EXERCISE REQUIREMENTS: With the line containing "Section Cover." as the start and the line containing "Hypothesis th_ge0 : 0 <= th." as the end, transcribe that span of the entries below exactly, including both.

DATA RECORDS:

- - -

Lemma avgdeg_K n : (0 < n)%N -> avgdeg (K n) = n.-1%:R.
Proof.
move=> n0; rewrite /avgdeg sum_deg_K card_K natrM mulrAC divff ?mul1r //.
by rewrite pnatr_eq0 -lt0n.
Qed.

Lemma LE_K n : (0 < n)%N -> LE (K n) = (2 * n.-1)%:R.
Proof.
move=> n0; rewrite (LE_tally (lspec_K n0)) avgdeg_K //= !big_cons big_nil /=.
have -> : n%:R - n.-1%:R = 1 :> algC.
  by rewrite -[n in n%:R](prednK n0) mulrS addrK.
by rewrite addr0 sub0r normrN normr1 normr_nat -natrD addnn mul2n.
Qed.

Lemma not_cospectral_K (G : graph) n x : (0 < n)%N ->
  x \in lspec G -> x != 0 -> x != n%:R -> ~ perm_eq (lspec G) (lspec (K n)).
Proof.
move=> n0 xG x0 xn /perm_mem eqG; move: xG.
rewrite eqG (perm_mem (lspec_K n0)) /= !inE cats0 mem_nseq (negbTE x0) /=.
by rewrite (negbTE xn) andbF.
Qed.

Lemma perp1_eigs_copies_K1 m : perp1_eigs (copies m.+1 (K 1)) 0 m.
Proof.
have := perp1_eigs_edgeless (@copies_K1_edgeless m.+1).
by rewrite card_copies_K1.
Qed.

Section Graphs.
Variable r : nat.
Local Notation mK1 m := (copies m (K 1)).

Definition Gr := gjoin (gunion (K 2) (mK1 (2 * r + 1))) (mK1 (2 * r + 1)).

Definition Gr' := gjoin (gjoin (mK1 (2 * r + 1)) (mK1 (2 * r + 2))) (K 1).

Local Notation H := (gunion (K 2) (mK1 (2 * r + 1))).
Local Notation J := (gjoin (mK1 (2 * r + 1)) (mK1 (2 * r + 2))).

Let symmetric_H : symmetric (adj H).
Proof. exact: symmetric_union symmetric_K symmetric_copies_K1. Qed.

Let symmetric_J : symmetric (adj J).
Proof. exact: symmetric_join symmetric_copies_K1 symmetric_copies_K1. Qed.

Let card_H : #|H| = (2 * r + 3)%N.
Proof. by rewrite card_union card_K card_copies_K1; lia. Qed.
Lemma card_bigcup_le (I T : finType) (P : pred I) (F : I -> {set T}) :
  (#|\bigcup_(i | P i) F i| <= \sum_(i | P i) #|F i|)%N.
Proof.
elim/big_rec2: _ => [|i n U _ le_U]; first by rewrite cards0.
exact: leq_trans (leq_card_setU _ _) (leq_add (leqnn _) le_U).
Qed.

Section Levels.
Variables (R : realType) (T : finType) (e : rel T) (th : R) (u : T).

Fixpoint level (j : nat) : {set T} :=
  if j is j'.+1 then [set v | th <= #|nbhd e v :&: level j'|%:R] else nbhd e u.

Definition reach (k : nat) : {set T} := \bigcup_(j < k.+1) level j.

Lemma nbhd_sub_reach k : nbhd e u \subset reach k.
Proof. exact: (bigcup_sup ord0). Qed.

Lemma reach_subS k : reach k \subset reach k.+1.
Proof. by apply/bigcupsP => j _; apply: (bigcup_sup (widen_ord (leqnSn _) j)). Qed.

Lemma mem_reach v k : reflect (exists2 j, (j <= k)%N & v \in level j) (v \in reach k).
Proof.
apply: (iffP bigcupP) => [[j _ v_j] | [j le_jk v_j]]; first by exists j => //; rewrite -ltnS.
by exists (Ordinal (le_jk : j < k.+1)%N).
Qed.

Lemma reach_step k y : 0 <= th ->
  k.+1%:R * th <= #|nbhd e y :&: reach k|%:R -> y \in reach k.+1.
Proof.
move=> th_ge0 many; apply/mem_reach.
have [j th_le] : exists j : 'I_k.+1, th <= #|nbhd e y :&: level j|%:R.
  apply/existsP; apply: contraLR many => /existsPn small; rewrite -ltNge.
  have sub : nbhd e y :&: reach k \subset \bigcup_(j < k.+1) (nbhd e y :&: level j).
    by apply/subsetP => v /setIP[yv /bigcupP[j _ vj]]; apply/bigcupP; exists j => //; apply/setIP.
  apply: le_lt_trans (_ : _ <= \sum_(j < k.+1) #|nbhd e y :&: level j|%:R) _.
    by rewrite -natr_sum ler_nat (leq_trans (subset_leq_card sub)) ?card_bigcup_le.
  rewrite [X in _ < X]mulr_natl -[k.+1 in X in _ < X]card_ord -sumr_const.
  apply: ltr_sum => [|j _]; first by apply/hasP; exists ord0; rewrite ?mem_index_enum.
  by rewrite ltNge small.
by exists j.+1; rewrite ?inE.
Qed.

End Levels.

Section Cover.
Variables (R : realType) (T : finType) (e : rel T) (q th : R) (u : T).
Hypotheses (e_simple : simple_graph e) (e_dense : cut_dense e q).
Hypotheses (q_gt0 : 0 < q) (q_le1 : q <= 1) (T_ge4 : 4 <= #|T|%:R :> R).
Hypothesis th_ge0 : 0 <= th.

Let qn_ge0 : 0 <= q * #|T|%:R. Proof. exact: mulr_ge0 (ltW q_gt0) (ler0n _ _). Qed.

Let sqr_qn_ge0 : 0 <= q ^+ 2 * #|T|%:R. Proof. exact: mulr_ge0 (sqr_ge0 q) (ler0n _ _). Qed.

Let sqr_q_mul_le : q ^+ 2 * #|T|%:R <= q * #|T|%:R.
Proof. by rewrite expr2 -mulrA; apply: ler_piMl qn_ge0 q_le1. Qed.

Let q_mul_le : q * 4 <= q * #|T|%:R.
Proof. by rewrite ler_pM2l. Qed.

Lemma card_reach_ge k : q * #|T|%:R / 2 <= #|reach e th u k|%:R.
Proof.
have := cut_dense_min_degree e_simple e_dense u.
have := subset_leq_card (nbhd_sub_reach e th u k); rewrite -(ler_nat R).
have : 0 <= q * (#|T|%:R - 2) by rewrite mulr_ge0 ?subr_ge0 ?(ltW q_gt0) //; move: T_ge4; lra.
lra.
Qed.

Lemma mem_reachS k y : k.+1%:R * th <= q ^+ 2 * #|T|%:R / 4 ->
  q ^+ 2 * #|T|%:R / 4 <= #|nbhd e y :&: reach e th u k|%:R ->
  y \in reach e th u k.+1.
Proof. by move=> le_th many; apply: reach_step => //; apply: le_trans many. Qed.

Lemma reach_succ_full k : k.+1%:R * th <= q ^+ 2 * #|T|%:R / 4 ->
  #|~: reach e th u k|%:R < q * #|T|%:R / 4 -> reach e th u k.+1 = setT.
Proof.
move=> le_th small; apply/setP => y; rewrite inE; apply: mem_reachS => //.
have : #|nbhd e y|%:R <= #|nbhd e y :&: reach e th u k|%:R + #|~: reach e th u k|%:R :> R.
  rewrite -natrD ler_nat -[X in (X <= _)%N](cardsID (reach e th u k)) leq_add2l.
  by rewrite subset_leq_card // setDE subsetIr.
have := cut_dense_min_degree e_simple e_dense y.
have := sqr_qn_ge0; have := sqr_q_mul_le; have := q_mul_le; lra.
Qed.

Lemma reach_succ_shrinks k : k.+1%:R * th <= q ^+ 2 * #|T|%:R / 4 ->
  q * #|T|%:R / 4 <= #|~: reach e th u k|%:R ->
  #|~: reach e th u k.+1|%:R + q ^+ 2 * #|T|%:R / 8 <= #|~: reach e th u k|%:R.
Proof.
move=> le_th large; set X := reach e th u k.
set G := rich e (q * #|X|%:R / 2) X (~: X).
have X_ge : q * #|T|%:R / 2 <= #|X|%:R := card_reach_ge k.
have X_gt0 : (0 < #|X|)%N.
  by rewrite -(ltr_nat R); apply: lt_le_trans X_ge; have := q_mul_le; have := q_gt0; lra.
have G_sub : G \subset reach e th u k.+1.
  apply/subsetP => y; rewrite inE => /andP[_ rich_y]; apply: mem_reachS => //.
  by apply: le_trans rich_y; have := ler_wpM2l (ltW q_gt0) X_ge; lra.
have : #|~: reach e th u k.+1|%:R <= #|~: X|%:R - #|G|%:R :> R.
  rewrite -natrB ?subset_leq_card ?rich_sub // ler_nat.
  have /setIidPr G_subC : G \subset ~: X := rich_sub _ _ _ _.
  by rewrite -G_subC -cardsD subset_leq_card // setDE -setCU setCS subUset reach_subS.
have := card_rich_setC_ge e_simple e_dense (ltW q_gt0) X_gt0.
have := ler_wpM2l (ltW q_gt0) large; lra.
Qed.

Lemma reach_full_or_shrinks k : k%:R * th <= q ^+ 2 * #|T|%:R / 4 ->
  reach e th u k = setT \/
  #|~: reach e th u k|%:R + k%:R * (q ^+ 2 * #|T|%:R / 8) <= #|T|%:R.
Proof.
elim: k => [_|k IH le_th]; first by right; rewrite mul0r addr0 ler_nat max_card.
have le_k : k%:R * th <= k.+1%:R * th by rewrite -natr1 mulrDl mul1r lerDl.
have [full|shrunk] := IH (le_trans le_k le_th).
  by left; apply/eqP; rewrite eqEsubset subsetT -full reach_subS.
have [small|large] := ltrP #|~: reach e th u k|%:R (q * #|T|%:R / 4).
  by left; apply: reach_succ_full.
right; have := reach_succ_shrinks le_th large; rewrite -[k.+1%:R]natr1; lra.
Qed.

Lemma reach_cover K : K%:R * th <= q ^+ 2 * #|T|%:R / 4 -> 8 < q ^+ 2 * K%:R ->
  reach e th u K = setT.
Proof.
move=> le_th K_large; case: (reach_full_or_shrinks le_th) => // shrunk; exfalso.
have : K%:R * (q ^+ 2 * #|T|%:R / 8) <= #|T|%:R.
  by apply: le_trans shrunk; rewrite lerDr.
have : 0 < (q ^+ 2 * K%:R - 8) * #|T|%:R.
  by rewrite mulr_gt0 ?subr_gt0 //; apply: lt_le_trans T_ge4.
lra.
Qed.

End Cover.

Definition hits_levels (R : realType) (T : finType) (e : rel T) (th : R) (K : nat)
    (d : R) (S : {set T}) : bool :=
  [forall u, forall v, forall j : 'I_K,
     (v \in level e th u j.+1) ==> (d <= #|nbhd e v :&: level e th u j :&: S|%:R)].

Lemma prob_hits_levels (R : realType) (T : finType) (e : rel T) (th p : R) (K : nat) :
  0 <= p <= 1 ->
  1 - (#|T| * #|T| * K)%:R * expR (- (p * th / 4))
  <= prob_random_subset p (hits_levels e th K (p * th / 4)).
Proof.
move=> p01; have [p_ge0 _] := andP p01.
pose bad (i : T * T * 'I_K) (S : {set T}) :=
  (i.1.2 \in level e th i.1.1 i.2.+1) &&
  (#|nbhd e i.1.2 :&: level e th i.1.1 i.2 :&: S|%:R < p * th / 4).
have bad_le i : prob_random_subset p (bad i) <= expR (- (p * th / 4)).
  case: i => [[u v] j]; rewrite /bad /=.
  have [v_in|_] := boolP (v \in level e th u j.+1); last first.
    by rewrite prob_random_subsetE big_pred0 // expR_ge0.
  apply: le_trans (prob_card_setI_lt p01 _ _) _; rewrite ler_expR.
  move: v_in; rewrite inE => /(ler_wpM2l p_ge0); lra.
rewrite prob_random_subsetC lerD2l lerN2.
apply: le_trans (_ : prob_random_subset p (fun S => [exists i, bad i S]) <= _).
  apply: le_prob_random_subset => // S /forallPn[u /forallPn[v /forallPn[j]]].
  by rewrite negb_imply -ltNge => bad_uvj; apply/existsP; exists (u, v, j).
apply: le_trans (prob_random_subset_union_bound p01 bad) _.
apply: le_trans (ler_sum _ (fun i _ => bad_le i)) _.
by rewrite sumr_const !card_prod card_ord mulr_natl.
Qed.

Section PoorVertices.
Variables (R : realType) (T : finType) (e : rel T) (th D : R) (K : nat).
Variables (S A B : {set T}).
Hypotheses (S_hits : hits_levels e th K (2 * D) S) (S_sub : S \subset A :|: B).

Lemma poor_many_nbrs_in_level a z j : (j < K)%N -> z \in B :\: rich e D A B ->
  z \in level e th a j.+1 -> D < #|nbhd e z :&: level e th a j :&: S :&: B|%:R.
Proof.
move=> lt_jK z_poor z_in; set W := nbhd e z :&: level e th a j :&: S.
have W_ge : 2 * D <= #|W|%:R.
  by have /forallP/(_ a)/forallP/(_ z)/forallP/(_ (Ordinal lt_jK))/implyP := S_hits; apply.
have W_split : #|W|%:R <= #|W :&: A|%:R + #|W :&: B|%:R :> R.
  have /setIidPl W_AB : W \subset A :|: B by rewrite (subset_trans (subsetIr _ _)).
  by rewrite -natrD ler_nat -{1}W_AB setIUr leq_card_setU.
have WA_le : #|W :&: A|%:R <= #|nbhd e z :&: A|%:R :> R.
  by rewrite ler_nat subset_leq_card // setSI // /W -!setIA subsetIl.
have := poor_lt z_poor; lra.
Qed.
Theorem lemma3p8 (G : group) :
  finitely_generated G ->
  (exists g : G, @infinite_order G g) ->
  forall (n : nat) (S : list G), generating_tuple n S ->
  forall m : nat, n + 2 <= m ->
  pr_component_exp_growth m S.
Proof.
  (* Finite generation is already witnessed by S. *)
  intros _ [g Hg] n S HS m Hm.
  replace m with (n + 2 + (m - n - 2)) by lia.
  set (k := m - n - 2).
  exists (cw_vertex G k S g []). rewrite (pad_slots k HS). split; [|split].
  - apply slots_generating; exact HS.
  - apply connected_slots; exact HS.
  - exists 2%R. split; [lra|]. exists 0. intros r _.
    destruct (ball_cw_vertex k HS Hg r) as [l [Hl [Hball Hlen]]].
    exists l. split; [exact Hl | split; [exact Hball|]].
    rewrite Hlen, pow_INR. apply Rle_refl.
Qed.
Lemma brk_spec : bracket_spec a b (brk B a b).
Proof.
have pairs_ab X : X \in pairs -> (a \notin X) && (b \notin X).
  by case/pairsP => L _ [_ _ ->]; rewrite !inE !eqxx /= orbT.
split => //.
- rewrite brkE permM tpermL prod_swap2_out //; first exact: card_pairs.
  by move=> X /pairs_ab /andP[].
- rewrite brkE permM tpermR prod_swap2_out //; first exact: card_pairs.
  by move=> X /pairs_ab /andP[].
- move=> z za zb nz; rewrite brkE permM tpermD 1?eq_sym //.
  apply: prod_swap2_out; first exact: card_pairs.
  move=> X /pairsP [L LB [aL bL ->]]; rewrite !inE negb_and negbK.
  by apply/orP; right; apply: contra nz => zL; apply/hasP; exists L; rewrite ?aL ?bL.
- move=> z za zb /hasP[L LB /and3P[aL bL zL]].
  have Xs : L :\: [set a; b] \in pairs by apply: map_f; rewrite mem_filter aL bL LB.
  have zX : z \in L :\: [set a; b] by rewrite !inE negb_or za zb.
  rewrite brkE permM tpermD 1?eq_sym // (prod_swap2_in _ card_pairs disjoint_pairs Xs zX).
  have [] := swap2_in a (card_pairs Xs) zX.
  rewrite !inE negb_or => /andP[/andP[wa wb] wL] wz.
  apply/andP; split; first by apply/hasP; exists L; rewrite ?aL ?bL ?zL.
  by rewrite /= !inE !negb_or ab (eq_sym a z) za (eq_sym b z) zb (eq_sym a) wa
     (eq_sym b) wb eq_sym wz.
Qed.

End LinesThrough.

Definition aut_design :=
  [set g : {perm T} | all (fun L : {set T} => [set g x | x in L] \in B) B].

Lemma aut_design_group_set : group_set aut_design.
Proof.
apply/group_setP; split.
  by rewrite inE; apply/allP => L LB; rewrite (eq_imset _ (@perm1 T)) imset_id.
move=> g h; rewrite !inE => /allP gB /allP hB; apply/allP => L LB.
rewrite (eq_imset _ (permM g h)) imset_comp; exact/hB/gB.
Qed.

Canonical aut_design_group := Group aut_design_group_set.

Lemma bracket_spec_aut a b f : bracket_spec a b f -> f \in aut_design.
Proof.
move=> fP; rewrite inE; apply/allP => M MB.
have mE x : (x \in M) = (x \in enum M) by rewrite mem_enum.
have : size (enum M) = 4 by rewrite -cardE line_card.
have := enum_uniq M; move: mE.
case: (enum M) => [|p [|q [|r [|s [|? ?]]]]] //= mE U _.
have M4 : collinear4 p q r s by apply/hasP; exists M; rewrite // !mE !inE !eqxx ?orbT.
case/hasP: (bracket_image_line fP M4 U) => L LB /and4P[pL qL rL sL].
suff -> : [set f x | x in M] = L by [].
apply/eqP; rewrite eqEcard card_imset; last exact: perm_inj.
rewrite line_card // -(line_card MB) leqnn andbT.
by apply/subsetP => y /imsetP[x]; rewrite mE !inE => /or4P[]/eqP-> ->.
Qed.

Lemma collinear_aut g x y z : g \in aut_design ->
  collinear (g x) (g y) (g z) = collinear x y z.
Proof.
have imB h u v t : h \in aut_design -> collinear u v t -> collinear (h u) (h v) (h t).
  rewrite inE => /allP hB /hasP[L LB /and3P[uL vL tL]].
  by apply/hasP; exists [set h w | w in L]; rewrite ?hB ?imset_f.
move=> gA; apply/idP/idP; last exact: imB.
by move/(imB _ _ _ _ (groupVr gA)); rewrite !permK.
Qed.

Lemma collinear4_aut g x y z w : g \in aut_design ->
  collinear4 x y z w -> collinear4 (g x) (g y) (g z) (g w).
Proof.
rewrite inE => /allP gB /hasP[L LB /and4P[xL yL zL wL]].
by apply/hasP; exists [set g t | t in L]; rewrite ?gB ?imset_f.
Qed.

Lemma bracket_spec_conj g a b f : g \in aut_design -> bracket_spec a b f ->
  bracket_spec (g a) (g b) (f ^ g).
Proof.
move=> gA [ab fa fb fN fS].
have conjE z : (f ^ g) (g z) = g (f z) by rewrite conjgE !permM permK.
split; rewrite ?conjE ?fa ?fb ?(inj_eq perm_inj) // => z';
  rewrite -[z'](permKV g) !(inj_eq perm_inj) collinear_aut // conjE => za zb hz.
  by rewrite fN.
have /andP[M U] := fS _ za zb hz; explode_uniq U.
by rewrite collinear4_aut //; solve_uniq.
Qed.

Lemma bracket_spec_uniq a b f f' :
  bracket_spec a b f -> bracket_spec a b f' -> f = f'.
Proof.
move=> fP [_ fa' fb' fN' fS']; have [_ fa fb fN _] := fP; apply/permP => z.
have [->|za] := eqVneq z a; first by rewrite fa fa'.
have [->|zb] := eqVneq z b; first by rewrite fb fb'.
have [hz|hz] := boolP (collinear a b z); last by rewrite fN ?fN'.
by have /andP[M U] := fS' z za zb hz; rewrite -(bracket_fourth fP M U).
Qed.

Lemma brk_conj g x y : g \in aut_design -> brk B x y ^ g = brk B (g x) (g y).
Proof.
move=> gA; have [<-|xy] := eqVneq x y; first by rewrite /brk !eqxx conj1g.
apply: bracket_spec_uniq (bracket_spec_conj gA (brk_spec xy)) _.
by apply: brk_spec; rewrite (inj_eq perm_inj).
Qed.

- - -

WRITTEN RESPONSE:
Section Cover.
Variables (R : realType) (T : finType) (e : rel T) (q th : R) (u : T).
Hypotheses (e_simple : simple_graph e) (e_dense : cut_dense e q).
Hypotheses (q_gt0 : 0 < q) (q_le1 : q <= 1) (T_ge4 : 4 <= #|T|%:R :> R).
Hypothesis th_ge0 : 0 <= th.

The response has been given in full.